We must now collect/consume our results and present them in Google Maps. I will show here how to do it in Python with Pika and leave sending to Google Maps to you since it depends on your implementation (socket.io sio.
emit(postcode, viewport)
might be an easy way to do it.) Here's the code that appends the result on a temporary file test.txt
. By appending to that file you can collect many entries and check them while testing. You can find all this code in the 35-line collector.py.
def done_postcode(ch, method, properties, body):
my_resp = json.loads(body)
postcode = my_resp['postcode']
viewport = my_resp['viewport']
entry = {postcode: viewport}
with open("test.txt", "a") as myfile:
myfile.write(json.dumps(entry) + "\n")
ch.basic_ack(delivery_tag=method.delivery_tag)
channel.basic_consume(done_postcode, queue='done_postcode')
channel.start_consuming()
Again, it's important to ch.basic_ack()
after you've completed processing your data. This way, if the server crashes during e.g. .write()
above, the data won't be consumed/lost but a retry will happen next time you re-run this script.

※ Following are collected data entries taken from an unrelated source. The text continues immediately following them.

(* Every vertex (x, u) of the copy H_x is simplicial in G ⊙ H: its neighbours, x and
   the rest of the block of u in H_x, form a clique.  A simplicial vertex is never
   interior to a geodesic and is maximally distant from every other vertex, so the
   simplicial vertices form both a general position set and a clique of (G ⊙ H)_SR.
   Conversely, a non-simplicial vertex x is maximally distant from no vertex v: for v in
   H_x take a neighbour of x not adjacent to v, otherwise take any (x, u0), one step
   farther from v than x.  So the only cliques of (G ⊙ H)_SR containing x are {x}.
   A general position set containing x and some (x, u) lies in x plus the block of u,
   and a non-simplicial x leaves a simplicial vertex outside it; a general position set
   with no such pair injects into the copies by x |-> (x, u0).  Hence gp and ω both equal
   the number of simplicial vertices. *)

From mathcomp Require Import all_boot zify.
Set Implicit Arguments. Unset Strict Implicit. Unset Printing Implicit Defensive.

Lemma bigmax_card_attained (V : finType) (P : pred {set V}) (A : {set V}) :
  P A -> (forall B, P B -> #|B| <= #|A|) -> \max_(B | P B) #|B| = #|A|.
Proof.
move=> PA maxA; apply/eqP; rewrite eqn_leq (leq_bigmax_cond _ PA) andbT.
exact/bigmax_leqP.
Qed.

Definition simplicial (V : finType) (e : rel V) (u : V) : bool :=
  [forall w1, forall w2, [&& e u w1, e u w2 & w1 != w2] ==> e w1 w2].

Section SimpleGraph.
Variables (V : finType) (e : rel V).
Hypotheses (e_sym : symmetric e) (e_connected : forall x y, connect e x y).

Lemma walkbP x y k :
  reflect (exists p, [/\ path e x p, last x p = y & size p = k]) (walkb e x y k).
Proof.
apply: (iffP existsP) => [[p /andP[xp /eqP <-]] | [p [xp <- <-]]].
  by exists p; rewrite size_tuple.
by exists (in_tuple p); rewrite xp eqxx.
Qed.

Lemma dist_le_size x p : path e x p -> dist e x (last x p) <= size p.
Proof.
move=> xp; rewrite /dist; have [lt_pV|] := ltnP (size p) #|V|; last first.
  by apply: leq_trans; rewrite -[X in _ <= X](size_iota 0) find_size.
rewrite leqNgt; apply/negP => /(before_find 0); rewrite nth_iota // add0n.
by move/negbT/negP; apply; apply/walkbP; exists p.
Qed.

Lemma gp_set_no_common_geodesic S a b c :
  gp_set e S -> a \in S -> b \in S -> c \in S -> [&& a != b, b != c & a != c] ->
  ~~ on_common_geodesic e a b c.
Proof.
move=> /forallP/(_ a)/implyP gpS Sa Sb Sc; move: (gpS Sa).
by move=> /forallP/(_ b)/implyP/(_ Sb)/forallP/(_ c)/implyP/(_ Sc)/implyP.
Qed.

Lemma is_clique_rel (r : rel V) S a b :
  is_clique r S -> a \in S -> b \in S -> a != b -> r a b.
Proof.
by move=> /forallP/(_ a)/implyP clS Sa; move: (clS Sa) => /forallP/(_ b)/implyP Sb /Sb/implyP.
Qed.

Lemma dist_edge x y : e x y -> dist e x y <= 1.
Proof. by move=> exy; apply: (dist_le_size (p := [:: y])); rewrite /= exy. Qed.

Lemma geodesic_size_le x p q :
  geodesic e x p -> path e x q -> last x q = last x p -> size p <= size q.
Proof. by case/andP=> _ /eqP -> xq <-; apply: dist_le_size. Qed.

Lemma geodesic_on_common_geodesic x p a b c :
  geodesic e x p -> a \in x :: p -> b \in x :: p -> c \in x :: p ->
  on_common_geodesic e a b c.
Proof.
move=> gp ap bp cp; have size_p : size p < #|V|.+1.
  by case/andP: gp => _ /eqP ->; rewrite ltnS /dist -[X in _ <= X](size_iota 0) find_size.
apply/existsP; exists x; apply/existsP; exists (Ordinal size_p); apply/existsP.
by exists (in_tuple p); rewrite /= gp ap bp cp.
Qed.

Lemma dist_path x y :
  exists p, [/\ path e x p, last x p = y & size p = dist e x y].
Proof.
have [p xp ->] := connectP (e_connected x y).
have [q xq uq _] := shortenP xp.
have ltqV : size q < #|V|.
  by have := max_card (mem (x :: q)); rewrite (card_uniqP uq).
have has_walk : has (walkb e x (last x q)) (iota 0 #|V|).
  by apply/hasP; exists (size q); [rewrite mem_iota | apply/walkbP; exists q].
have := nth_find 0 has_walk; rewrite -/(dist e x _) nth_iota ?add0n.
  by move/walkbP.
by rewrite -(size_iota 0 #|V|) -has_find.
Qed.

Lemma dist_triangle x y z : dist e x z <= dist e x y + dist e y z.
Proof.
have [p [xp <- <-]] := dist_path x y; have [q [yq <- <-]] := dist_path (last x p) z.
by rewrite -size_cat -last_cat dist_le_size // cat_path xp.
Qed.

Lemma dist_gt1 x y : x != y -> ~~ e x y -> 1 < dist e x y.
Proof.
have [[|z [|? ?]] [xp <- <-]] := dist_path x y => //=; first by rewrite eqxx.
by move: xp => /= /andP[-> _]; rewrite ?orbT.
Qed.

Lemma dist_sym x y : dist e x y = dist e y x.
Proof.
suff dist_le_sym a b : dist e a b <= dist e b a by apply/eqP; rewrite eqn_leq !dist_le_sym.
have [p [bp <- <-]] := dist_path b a.
set q := rev (belast b p).
have last_q : last (last b p) q = b.
  by rewrite {}/q; case/lastP: p {bp} => //= p c; rewrite belast_rcons rev_cons last_rcons.
have <- : size q = size p by rewrite size_rev size_belast.
rewrite -{2}last_q dist_le_size // rev_path.
by apply: sub_path bp => u v; rewrite e_sym.
Qed.

Lemma simplicialP u w1 w2 :
  simplicial e u -> e u w1 -> e u w2 -> w1 != w2 -> e w1 w2.
Proof.
by move=> /forallP/(_ w1)/forallP/(_ w2)/implyP su uw1 uw2 w12; apply: su; rewrite uw1 uw2.
Qed.

Lemma simplicialPn u :
  reflect (exists w1 w2, [/\ e u w1, e u w2, w1 != w2 & ~~ e w1 w2]) (~~ simplicial e u).
Proof.
apply: (iffP idP) => [/forallPn[w1 /forallPn[w2]] | [w1 [w2 [uw1 uw2 w12 /negP nw12]]]].
  by rewrite negb_imply => /andP[/and3P[uw1 uw2 w12] nw12]; exists w1, w2.
by apply/negP => su; apply/nw12/(simplicialP su).
Qed.

Lemma simplicial_max_distant u v : simplicial e u -> v != u -> max_distant e u v.
Proof.
move=> su vu; apply/forallP => w; apply/implyP => uw; rewrite (dist_sym u v).
have [p [vp last_p <-]] := dist_path v u.
case/lastP: p vp last_p => [/= _ vu'|q z]; first by rewrite vu' eqxx in vu.
rewrite rcons_path last_rcons size_rcons => /andP[vq yz] zu; subst z.
have := dist_le_size vq; set y := last v q => dist_vy.
have [<-|yw] := eqVneq y w; first exact: ltnW.
apply: leq_trans (dist_triangle v y w) _; rewrite -addn1 leq_add // dist_edge //.
by apply: (simplicialP su) => //; rewrite e_sym.
Qed.

Lemma simplicial_strong_resolving_clique :
  is_clique (strong_resolving e) [set u | simplicial e u].
Proof.
apply/forallP => u; apply/implyP; rewrite inE => su.
apply/forallP => v; apply/implyP; rewrite inE => sv; apply/implyP => uv.
by rewrite /strong_resolving /mmd uv !simplicial_max_distant // eq_sym.
Qed.

Lemma geodesic_interior_not_simplicial x p m :
  geodesic e x p -> m \in p -> m != last x p -> ~~ simplicial e m.
Proof.
move=> g mp ml; move: g ml; case/splitPr: mp => p1 [|z p2] g; first by rewrite last_cat eqxx.
move=> _; apply/negP => sm; have /andP[] := g.
rewrite cat_path /= => /andP[xp1 /and3P[ym mz zp2]] _; set y := last x p1 in ym.
(* the neighbours y and z of m are equal or adjacent, so m can be bypassed *)
have [yz|yz] := eqVneq y z.
  have := geodesic_size_le g (q := p1 ++ p2).
  rewrite cat_path xp1 -/y yz zp2 !last_cat -/y yz !size_cat /= => /(_ isT erefl).
  lia.
have := geodesic_size_le g (q := p1 ++ z :: p2).
have my : e m y by rewrite e_sym.
rewrite cat_path xp1 /= -/y (simplicialP sm my mz yz) zp2 !last_cat !size_cat /=.
by move=> /(_ isT erefl); lia.
Qed.

Lemma simplicial_gp_set : gp_set e [set u | simplicial e u].
Proof.
apply/forallP => a; apply/implyP; rewrite inE => sa.
apply/forallP => b; apply/implyP; rewrite inE => sb.
apply/forallP => c; apply/implyP; rewrite inE => sc; apply/implyP => /and3P[ab bc ac].
apply/negP => /existsP[x /existsP[k /existsP[p /andP[g /and3P[ap bp cp]]]]].
(* at most two of the three distinct vertices are endpoints of the geodesic *)
have [m [mp mx ml sm]] :
    exists m, [/\ m \in x :: val p, m != x, m != last x p & simplicial e m].
  have [/andP[ax al]|] := boolP ((a != x) && (a != last x p)); first by exists a.
  have [/andP[bx bl]|] := boolP ((b != x) && (b != last x p)); first by exists b.
  have [/andP[cx cl]|] := boolP ((c != x) && (c != last x p)); first by exists c.
  rewrite !negb_and !negbK => hc hb ha; move: ha hb hc ab bc ac.
  by move=> /orP[]/eqP-> /orP[]/eqP-> /orP[]/eqP->; rewrite ?eqxx.
move: mp; rewrite inE (negbTE mx) /= => mp.
by rewrite (negbTE (geodesic_interior_not_simplicial g mp ml)) in sm.
Qed.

When something goes wrong, consumer.py sets viewport
to null
. How can we check test.txt
for such null
s?
It's easy to read all the contents of test.txt
in a found
variable which won't have any duplicate entries:
found = {}
with open('test.txt', 'r') as f:
for line in f:
ll = json.loads(line.strip())
postcode = ll.keys()[0]
viewport = ll[postcode]
if viewport:
found[postcode] = viewport
Then we can take our original sources.json
and see if there are any reconds missing:
lost = set()
with open('sources.json', 'r') as f:
postcodes = map(lambda l: ("%s\t%s" % (l[0], l[1])), json.loads(f.read()))
for i in postcodes:
if i not in found:
lost.add(i)
We can then take those records and dump them in a file with format similar to sources.json
:
with open("sources2.json", "w") as myfile:
myfile.write(json.dumps(list(broken)))
This code can be found in qc_test_data.py. We could use producer.py to retry those missing records.
This is a quick introduction on how to create a robust pipeline for geocoding-related tasks using AWS, Docker Cloud, RabbitMQ and Python. I hope you will find it useful as a starting point in order to develop your own highly available infrastructure.